Четверка кавалеров повезла его в экипаже сквозь валивший снег куда-то на Острова. Вошли в ресторан, заказали кабинет, вызвали для настроения цыган. Музыка, шампанское ударили в голову, распаленные мужчины стали позволять себе вольности, он уклонялся как мог, в какой-то миг гусар, изловчившись, сдернул с него маску.

Бежать!

С трудом понимая, что делает, он схватил со стола бутылку шампанского, швырнул в зеркало, побежал к выходу. Крикнул извозчика, назвал Мунин адрес. Только мчась в раскрытых санях по заснеженным улицам, заметил: забыл в гардеробной ресторана соболью шубку, едет полуголым.

О последних его похождениях стало известно отцу, чаша родительского терпения переполнилась – в таком виде батюшку видеть ему не приходилось. Бледен от гнева, голос дрожит. Сказал, что он позор семьи, что место его не в княжеском доме, а в Сибири, на каторге, что ни один порядочный человек не подаст ему руки.

– Вон из кабинета, негодяй! – закричал, топая ногами.

Потакать своим прихотям он не перестал, принужденье рождало желание поступать наперекор: сколько, спрашивается, можно обращаться с ним как с несмышленышем? Он взрослый мужчина, у него любовница-модистка, которой он, по примеру брата, снял квартиру на Васильевском острове, и, кажется, скоро будет возлюбленный.

Однокурсника по гимназии Евгения Соколовского он скрывал даже от брата – между ними была невероятно сложная пора отношений: обоих тянуло друг к другу, оба жили в напряжении, ждали, кто решится первым, откроется в чувствах. Прогулки вдвоем после уроков по Летнему саду, пожатие руки в полутемном зале синема на Невском во время просмотра бегущих по экрану живых фотографий, поцелуй при прощании – все остро переживалось, кружило голову, не давало уснуть до утра.

Событие за событием – голова кругом! Он ужинает в один из дней с друзьями в ресторане, к их столику подходит рослый красавец-офицер в форме императорской свиты: черкеска с узкой талией, кинжал на поясе.

– Князь Витгенштейн, – кланяется. – Позволите?.. – присел рядом на диванчик. – Вряд ли вы меня вспомните, – говорит, – вы были тогда слишком юны. Но, может быть, вспомните обстоятельства нашей встречи, они были довольно необычны. Дело происходило в имении ваших родителей Архангельское…

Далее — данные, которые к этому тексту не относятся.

Lemma n0_moment_le N k :
  \esum_(n in Omega R N) ((n 0%N)%:R%:E * bweight b n) <=
  k%:R%:E * Zpart N b +
  N%:R%:E * \esum_(n in Omega R N `&` [set n | (k <= n 0%N)%N]) bweight b n.
Proof.
rewrite /Zpart esum_mkcondr.
rewrite -[X in _ <= X + _]ge0_esumZl //; last exact: bweight_ge0.
rewrite -[X in _ <= _ + X]ge0_esumZl //; last first.
  by move=> n; case: ifP; rewrite ?bweight_ge0.
rewrite -esumD => [|n _|n _]; rewrite ?mule_ge0 ?lee_fin ?bweight_ge0 //; last first.
  by case: ifP; rewrite ?bweight_ge0.
apply: le_esum => n nN; case: ifPn => [_|/negP kn]; last first.
  rewrite mule0 adde0 lee_wpmul2r ?bweight_ge0 // lee_fin ler_nat ltnW //.
  by rewrite ltnNge; apply/negP => /mem_set.
apply: (le_trans _ (leeDr _ _)); last by rewrite mule_ge0 ?bweight_ge0 // lee_fin.
by rewrite lee_wpmul2r ?bweight_ge0 // -nN le_nsum.
Qed.

Lemma n0_moment_fin N :
  \esum_(n in Omega R N) ((n 0%N)%:R%:E * bweight b n) \is a fin_num.
Proof.
rewrite ge0_fin_numE; last first.
  by rewrite esum_ge0 // => n _; rewrite mule_ge0 ?bweight_ge0.
apply: le_lt_trans (n0_moment_le N 0) _.
by rewrite Zpart_qpoch esum_bweight_n0_ge // -!EFinM -EFinD ltry.
Qed.

Local Close Scope ereal_scope.

Lemma mean_n0_ge {N k} : (k <= N)%N ->
  k%:R * Prob N b [set n | (k <= n 0%N)%N] <= mean_n0 N b.
Proof.
move=> kN; have := n0_moment_ge N k.
rewrite esum_bweight_n0_ge // -EFinM -(fineK (n0_moment_fin N)) lee_fin => moment_ge.
rewrite /mean_n0 /Prob esum_bweight_n0_ge // mulrA ler_wpM2r //.
by rewrite Zpart_qpoch /= invr_ge0 invr_ge0 ltW ?qpoch_gt0 ?expRN_itv.
Qed.

Lemma mean_n0_le {N k} : (k <= N)%N ->
  mean_n0 N b <= k%:R + N%:R * Prob N b [set n | (k <= n 0%N)%N].
Proof.
move=> kN; have := n0_moment_le N k.
rewrite esum_bweight_n0_ge // Zpart_qpoch -!EFinM -EFinD -(fineK (n0_moment_fin N)).
rewrite lee_fin => moment_le.
have Z_gt0 : 0 < (qpoch q N)^-1 by rewrite invr_gt0 qpoch_gt0 ?expRN_itv.
rewrite /mean_n0 /Prob esum_bweight_n0_ge // Zpart_qpoch /= ler_pdivrMr // mulrDl.
by rewrite -mulrA divfK ?gt_eqF.
Qed.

Его осеняет: «Тот самый, на коне… в столовой!»

– Так это были вы? – не верит глазам.

– Увы, – выразительно клонит голову великан.

О том случае судачила потом вся Москва. Они обедали семейно в большой летней столовой, услышали снаружи топот копыт. Через минуту-другую в зал через распахнувшуюся дверь въехал всадник с охапкой роз в руках, бросил цветы к матушкиным ногам, развернул коня и исчез.

– Это было так удивительно! – говорит он. – Матушка смеялась. Вы мне показались тогда похожим на благородного рыцаря Ланселота.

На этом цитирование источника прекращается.